The mayor’s plan to put all welfare recipients to work might be the cornerstone of a national political run, but it’s going to cost New York City taxpayers an extra $600 million a year, according to the city’s Independent Budget Office (IBO).
If the city Human Resources Administration continues with plans to require all but the most severely disabled recipients to take workfare assignments, costs will rise by a half billion dollars in 2000 and to $601 million by 2002.
Since 1995, Giuliani has cut the welfare rolls by 253,000, largely by forcing people off the dole who won’t or can’t take workfare jobs. But even though the city is expected to shed an additional 100,000 welfare slots over the next several years, those savings will be drowned by the cost of new workfare programs.
“Everybody on welfare, even the people who have workfare jobs, still gets their check,” says IBO analyst Paul Lopatto, one of the report’s authors. “The ones who have the workfare assignments also need to receive training, placement services and child care services. It adds up to additional cost.”

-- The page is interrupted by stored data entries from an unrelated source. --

Lemma coef_comp_poly_low (g h : {poly R}) k : (0 < k)%N ->
  (forall j, (j < k)%N -> h`_j = 0) -> (g \Po h)`_k = g`_1 * h`_k.
Proof.
move=> k0 hk; rewrite comp_polyE coef_sum.
rewrite (eq_bigr (fun j : 'I_(size g) => if j == 1%N :> nat then g`_1 * h`_k else 0)).
  rewrite -big_mkcond /=; case: (ltnP 1 (size g)) => [g1|sg].
    by rewrite (big_pred1 (Ordinal g1)) // => j; rewrite -val_eqE.
  rewrite big_pred0 => [|j]; first by rewrite (nth_default _ sg) mul0r.
  by apply/eqP => j1; have := leq_trans (ltn_ord j) sg; rewrite j1.
move=> [[|[|j]] jg] _ /=; rewrite coefZ ?expr1 //.
  by rewrite expr0 coef1; case: k k0 hk => // k _ _; rewrite mulr0.
by rewrite (@coef_exp_low h k) ?mulr0 //; rewrite mulSn; lia.
Qed.

End LowPowers.

Lemma closed_field_exists_neq01 (F : closedFieldType) : exists x : F, x != 0 /\ x != 1.
Proof.
have : ('X * ('X - 1) : {poly F}) != 0.
  by rewrite mulf_neq0 ?polyX_eq0 // -size_poly_eq0 size_XsubC.
case/closed_nonrootP => x; rewrite /root hornerM hornerXsubC hornerX mulf_eq0 negb_or.
by rewrite subr_eq0 => /andP [? ?]; exists x.
Qed.

Section LowerBound.
Variables (F : closedFieldType) (d a b : nat).
Hypotheses (a2 : (2 <= a)%N) (b2 : (2 <= b)%N) (dab : d = (a * b)%N).
Local Notation M := (a + b).-1.

Let a1 : (1 <= a)%N. Proof. exact: ltnW. Qed.
Let b1 : (1 <= b)%N. Proof. exact: ltnW. Qed.

(* The i-th stratum freezes the parameters j >= i: the leading coefficient of
   the outer polynomial to 1, the others to 0.  Freeing them one at a time, in
   the order g_0, ..., g_(a-1), h_(b-1), ..., h_1, lead g, each step makes some
   coefficient of g o h non-constant: respectively those of degree
   0, b, ..., (a-1) b, then b-1, ..., 1 (triangularly, through g_1 h_k), then a b. *)
Definition mask (i : nat) (t : 'I_M.+1 -> F) : 'I_M.+1 -> F :=
  fun j => if (j < i)%N then t j else if j == M :> nat then 1 else 0.

Definition mask_mpoly (i : nat) (j : 'I_M.+1) : {mpoly F[M.+1]} :=
  if (j < i)%N then 'X_j else if j == M :> nat then 1 else 0.

Definition stratum i : aset F d.+1 :=
  mpoly_image (fun c : 'I_d.+1 => @comp_coef F a b c \mPo [tuple mask_mpoly i j | j < M.+1])
    (mask_mpoly i (inord M)).

Lemma meval_mask_mpoly i t j : (mask_mpoly i j).@[t] = mask i t j.
Proof.
rewrite /mask_mpoly /mask; case: ifP => _; first exact: mevalXU.
by case: ifP => _; [exact: meval1 | exact: meval0].
Qed.

Lemma mask_free i t j : (j < i)%N -> (j <= M)%N -> mask i t (inord j) = t (inord j).
Proof. by move=> ji jM; rewrite /mask inordK ?ji. Qed.

Lemma mask_frozen i t j : (i <= j)%N -> (j < M)%N -> mask i t (inord j) = 0.
Proof. by move=> ij jM; rewrite /mask inordK ?ltnNge ?ij ?ifF //; lia. Qed.

Lemma mask_lead i t : (i <= M)%N -> mask i t (inord M) = 1.
Proof. by move=> iM; rewrite /mask inordK // ltnNge iM eqxx. Qed.

Lemma stratumP i y : stratum i y <-> exists t, mask i t (inord M) != 0 /\
  forall c : 'I_d.+1, y c = (outer_poly (mask i t) \Po inner_poly (mask i t))`_c.
Proof.
have E t c : (@comp_coef F a b c \mPo [tuple mask_mpoly i j | j < M.+1]).@[t] =
    (outer_poly (mask i t) \Po inner_poly (mask i t))`_c.
  rewrite comp_mpoly_meval -meval_comp_coef; apply: meval_eq => j.
  by rewrite tnth_mktuple meval_mask_mpoly.
by split=> -[t [tM yt]]; exists t; rewrite meval_mask_mpoly in tM *;
  split=> // c; rewrite yt E.
Qed.

Lemma stratum_family i t : mask i t (inord M) != 0 ->
  stratum i (fun c => (outer_poly (mask i t) \Po inner_poly (mask i t))`_c).
Proof. by move=> tM; apply/stratumP; exists t. Qed.

Lemma mask_mpoly_lead_neq0 i : mask_mpoly i (inord M) != 0.
Proof.
apply/eqP => E; have := meval_mask_mpoly i (fun=> 1) (inord M).
by rewrite E meval0 /mask inordK // eqxx if_same => /eqP; rewrite eq_sym oner_eq0.
Qed.

Lemma stratum_sub_Dset i : asubset (stratum i) (@Dset F d).
Proof.
move=> y /stratumP [t [tM yt]].
rewrite /Dset (@eq_poly _ _ _ (fun k => (outer_poly (mask i t) \Po inner_poly (mask i t))`_(@inord d k))).
  exact: Dset_outer_comp_inner.
by move=> k _; rewrite yt.
Qed.

Lemma stratum_sub_succ i : asubset (stratum i) (stratum i.+1).
Proof.
move=> y /stratumP [t [tM yt]]; apply/stratumP; exists (mask i t).
have E : mask i.+1 (mask i t) =1 mask i t.
  by move=> j; rewrite /mask; case: ltnP => ji; case: ltnP => ji' //; lia.
by rewrite E; split=> // c; rewrite yt (eq_outer_comp_inner E).
Qed.

Lemma stratum_step_outer i : (i < a)%N -> separated (stratum i) (stratum i.+1).
Proof.
move=> ia; have bid : (b * i < d.+1)%N by rewrite dab ltnS mulnC leq_mul2r ltnW ?orbT.
have coef_bi (s : 'I_M.+1 -> F) : (forall j, (a <= j < M)%N -> s (inord j) = 0) ->
    (outer_poly s \Po inner_poly s)`_(b * i) = s (inord i).
  move=> s0; rewrite inner_poly_eq_Xn // coef_comp_poly_Xn ?(ltnW b2) //.
  by rewrite dvdn_mulr // mulKn ?coef_outer_poly ?ia.
apply: (@separated_coord _ _ _ _ (Ordinal bid) 0).
  move=> y /stratumP [t [_ ->]] /=.
  rewrite coef_bi => [|j /andP [aj jM]]; apply: mask_frozen; lia.
pose t := fun j : 'I_M.+1 => if j == i :> nat then 1 else 0 : F.
exists (fun c => (outer_poly (mask i.+1 t) \Po inner_poly (mask i.+1 t))`_c); split.
  by apply: stratum_family; rewrite mask_lead ?oner_neq0; lia.
rewrite /= coef_bi => [|j /andP [aj jM]]; last by apply: mask_frozen; lia.
rewrite mask_free; [|lia|lia].
by rewrite /t inordK ?eqxx ?oner_neq0 //; lia.
Qed.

The cash crunch will be especially tough in 2002, when some 50,000 people are expected to lose the federal share of their welfare benefits under the federal five-year lifetime limits. The state and city have agreed to create a Safety Net Assistance program to help ease the welfare refugees into the workplace. This will tack an additional $124 million onto the city’s budget.
In October, city welfare boss Jason Turner released the results of a phone poll of 126 former public assistance recipients, which showed that only a third had failed to find some kind of job. But the survey’s minuscule sample size and phone-it-in methodology elicited jeers from welfare advocates.